Dass die Bekämpfung prekärer Arbeitsverhältnisse nicht nur ein nationales, sondern ein internationales Anliegen ist, soll in der KAB-Kampagne ebenfalls deutlich werden.

Das Anliegen steht auch im Mittelpunkt der Auftaktveranstaltung der Kampagne „WERTvoll arbeiten“ am Donnerstag, 5. Mai, 18.30 Uhr im Kulturzentrum Südbahnhof, Saumstraße 9, in Krefeld. Die Veranstaltung findet im Rahmen der Solidaritätskollekte für arbeitslose Menschen im Bistum Aachen statt, die am 1. Mai startet. „Mitträger der Veranstaltung ist neben dem KAB-Diözesanverband der Koordinationskreis Kirchlicher Arbeitsloseninitiativen“, erläutert Günter Weber, Leiter des KAB-Zentrums in Krefeld.
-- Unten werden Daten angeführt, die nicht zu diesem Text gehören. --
Variable a : R.
Hypothesis a_ge1 : 1 <= a.

Definition weight S : R := if asbool (live S) then a ^ ldim S else 0.

Definition potential (L : seq FF) : R := \big[Rplus/0]_(S <- L) weight S.

Definition path_potential (L : seq FF) acc : R :=
  \big[Rplus/0]_(S <- L | soa_path S acc) weight S.

Lemma weight_ge0 S : 0 <= weight S.
Proof. by rewrite /weight; case: asboolP => _; [apply: pow_le; lra | lra]. Qed.

Lemma weight_ge1 S : live S -> 1 <= weight S.
Proof. by rewrite /weight; case: asboolP => // _ _; apply: pow_R1_Rle. Qed.

Lemma weight_le S : weight S <= a ^ ns.
Proof.
rewrite /weight; case: asboolP => _; first by apply: Rle_pow => //; apply/leP/ldim_le.
by have := pow_le a ns ltac:(lra); lra.
Qed.

Lemma weight_mono S T : subfam S T -> weight S <= weight T.
Proof.
move=> hST; rewrite /weight; case: asboolP => [[f [/hST hTf hFf]] | _]; last first.
  by case: asboolP => _; [apply: pow_le; lra | lra].
case: asboolP => [_ | []]; last by exists f.
by apply: Rle_pow => //; apply/leP/ldim_mono.
Qed.

Lemma weight_restrict S x v : v != soa S x -> a * weight (restrict S x v) <= weight S.
Proof.
move=> hv; rewrite {1}/weight; case: asboolP => [hlive | _]; last first.
  by rewrite Rmult_0_r; apply: weight_ge0.
have [f [[hSf _] hFf]] := hlive.
rewrite /weight; case: asboolP => [_ | []]; last by exists f.
by rewrite tech_pow_Rmult; apply: Rle_pow => //; apply/leP/ldim_restrict_lt.
Qed.

Lemma potential_ge0 L : 0 <= potential L.
Proof. exact: Rsum_ge0 (fun S _ => weight_ge0 S). Qed.

Lemma path_potential_ge0 L acc : 0 <= path_potential L acc.
Proof. exact: Rsum_ge0 (fun S _ => weight_ge0 S). Qed.

Lemma potential_ge1 L f : F f -> covers L f -> 1 <= potential L.
Proof.
move=> hFf; elim: L => //= V L IH; rewrite /potential big_cons -/(potential L) /covers /=.
case/orP => [/asboolP hV | /IH].
  by have := weight_ge1 (ex_intro _ f (conj hV hFf)); have := potential_ge0 L; lra.
by have := weight_ge0 V; lra.
Qed.

Lemma potential_cat L1 L2 : potential (L1 ++ L2) = potential L1 + potential L2.
Proof. exact: big_cat. Qed.

Lemma potential_cons V L : potential (V :: L) = weight V + potential L.
Proof. by rewrite /potential big_cons. Qed.

Lemma potential_seq1 V : potential [:: V] = weight V.
Proof. by rewrite /potential big_seq1. Qed.

Lemma path_potential_cons V L acc : path_potential (V :: L) acc =
  (if soa_path V acc then weight V else 0) + path_potential L acc.
Proof. by rewrite /path_potential big_cons; case: ifP => _; rewrite ?Rplus_0_l. Qed.

Lemma potential_le_path_nil L : potential L <= INR #|Y| ^ 0 * path_potential L [::].
Proof. by rewrite Rmult_1_l; apply: Rle_refl. Qed.

Lemma path_potential_split L acc x :
  path_potential L acc <= \big[Rplus/0]_(y <- enum Y) path_potential L (rcons acc (x, y)).
Proof.
rewrite /path_potential; under [X in _ <= X]eq_bigr => y _ do rewrite big_mkcond.
rewrite exchange_big big_mkcond; apply: Rsum_le => V _.
have hterm y : 0 <= if soa_path V (rcons acc (x, y)) then weight V else 0.
  by case: ifP => _; [apply: weight_ge0 | lra].
case: ifP => hpath; last exact: Rsum_ge0.
have hmem : soa (restrict_seq V acc) x \in enum Y by rewrite mem_enum.
have := Rsum_ge_term (P := xpredT) hmem isT (fun y _ => hterm y).
by rewrite soa_path_rcons hpath eqxx; apply.
Qed.

Lemma path_potential_greedy L acc x :
  exists y, path_potential L acc <= INR #|Y| * path_potential L (rcons acc (x, y)).
Proof.
have [y hy] := Rsum_le_size_max y0 (enum Y) (fun y => path_potential_ge0 L (rcons acc (x, y))).
by exists y; rewrite cardE; apply: Rle_trans (path_potential_split L acc x) hy.
Qed.

Lemma deviations_potential S acc : soa_path S acc ->
  a * potential (deviations S acc) <= INR (size acc) * INR #|Y| * weight S.
Proof.
elim: acc S => [|[x y] acc IH] S; first by rewrite /potential big_nil /=; lra.
rewrite [deviations _ _]/= [size _]/= S_INR => /andP [/eqP hsoa hpath].
rewrite potential_cat {1}/potential big_map big_filter Rmult_plus_distr_l.
set dev := \big[Rplus/0]_(v <- enum Y | v != y) weight (restrict S x v).
have hdev : a * dev <= INR #|Y| * weight S.
  rewrite /dev big_distrr cardE; apply: Rsum_le_size => [|v hv]; first exact: weight_ge0.
  by apply: weight_restrict; rewrite hsoa.
have hrest : INR (size acc) * INR #|Y| * weight (restrict S x y) <=
               INR (size acc) * INR #|Y| * weight S.
  apply: Rmult_le_compat_l; last exact: weight_mono (@subfam_restrict _ _ S x y).
  by apply: Rmult_le_pos; apply: pos_INR.
by have := IH _ hpath; lra.
Qed.

Lemma refine_yes_potential L acc : potential (refine_yes L acc) <= potential L.
Proof. by rewrite /potential big_map; apply: Rsum_le => V _; apply: weight_mono => f []. Qed.

Lemma refine_no_potential L acc : a * potential (refine_no L acc) <=
  a * potential L - (a - INR (size acc) * INR #|Y|) * path_potential L acc.
Proof.
elim: L => [|V L IH]; first by rewrite /potential /path_potential !big_nil; lra.
rewrite [refine_no _ _]/= potential_cat !potential_cons path_potential_cons.
case: ifP => hpath.
  by have := deviations_potential hpath; lra.
have hW : subfam (wrong_part V acc) V by move=> f [].
by rewrite potential_seq1; have := Rmult_le_compat_l a _ _ ltac:(lra) (weight_mono hW); lra.
Qed.

Variable r : nat.
Hypothesis rk_le_a : INR r * INR #|Y| <= a.

Definition contraction : R := 1 - (a - INR r * INR #|Y|) / (a * INR #|Y| ^ r).

Lemma card_ge1 : 1 <= INR #|Y|.
Proof. by apply/(le_INR 1)/leP/card_gt0P; exists y0. Qed.

Lemma contraction_ge0 : 0 <= contraction.
Proof.
have hK : 1 <= INR #|Y| ^ r by apply: pow_R1_Rle; exact: card_ge1.
have hrk : 0 <= INR r * INR #|Y| by apply: Rmult_le_pos; apply: pos_INR.
suff : (a - INR r * INR #|Y|) / (a * INR #|Y| ^ r) <= 1 by rewrite /contraction; lra.
apply: (Rmult_le_reg_r (a * INR #|Y| ^ r)); first nra.
rewrite /Rdiv Rmult_assoc Rinv_l; nra.
Qed.

Lemma refine_no_contract L acc : size acc = r ->
  potential L <= INR #|Y| ^ size acc * path_potential L acc ->
  potential (refine_no L acc) <= contraction * potential L.
Proof.
move=> hsize; have hno := refine_no_potential L acc; rewrite hsize in hno * => hL.
have hK : 1 <= INR #|Y| ^ r by apply: pow_R1_Rle; exact: card_ge1.
rewrite /contraction; set K := INR #|Y| ^ r in hL hK *; set c := a - INR r * INR #|Y| in hno *.
have hcW : c * potential L <= c * K * path_potential L acc.
  by rewrite Rmult_assoc; apply: Rmult_le_compat_l => //; rewrite /c; lra.
apply: (Rmult_le_reg_l (a * K)); first nra.
have -> : a * K * ((1 - c / (a * K)) * potential L) = a * K * potential L - c * potential L.
  by field; split; lra.
by have := Rmult_le_compat_l K _ _ ltac:(lra) hno; lra.
Qed.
Der bekannte Sozialethiker und emeritierte Professor Franz Segbers wird in seinem Vortrag „Den Schrei der Armen hören“ die Positionen der KAB zum Thema kritisch kommentieren und sozial- und arbeitspolitisch einordnen.

Eine wichtige Rolle spielt dabei auch ein Bild des Krefelder Künstlers Klaus Polenz, das er für die Veranstaltung geschaffen hat und das in deren Rahmen vorgestellt wird. Darin präsentiert er seine Vorstellungen von prekärer Arbeit. Polenz machte in seiner Ausbildung zum Textilveredler auch eigene Erfahrungen mit prekären Arbeitsverhältnissen.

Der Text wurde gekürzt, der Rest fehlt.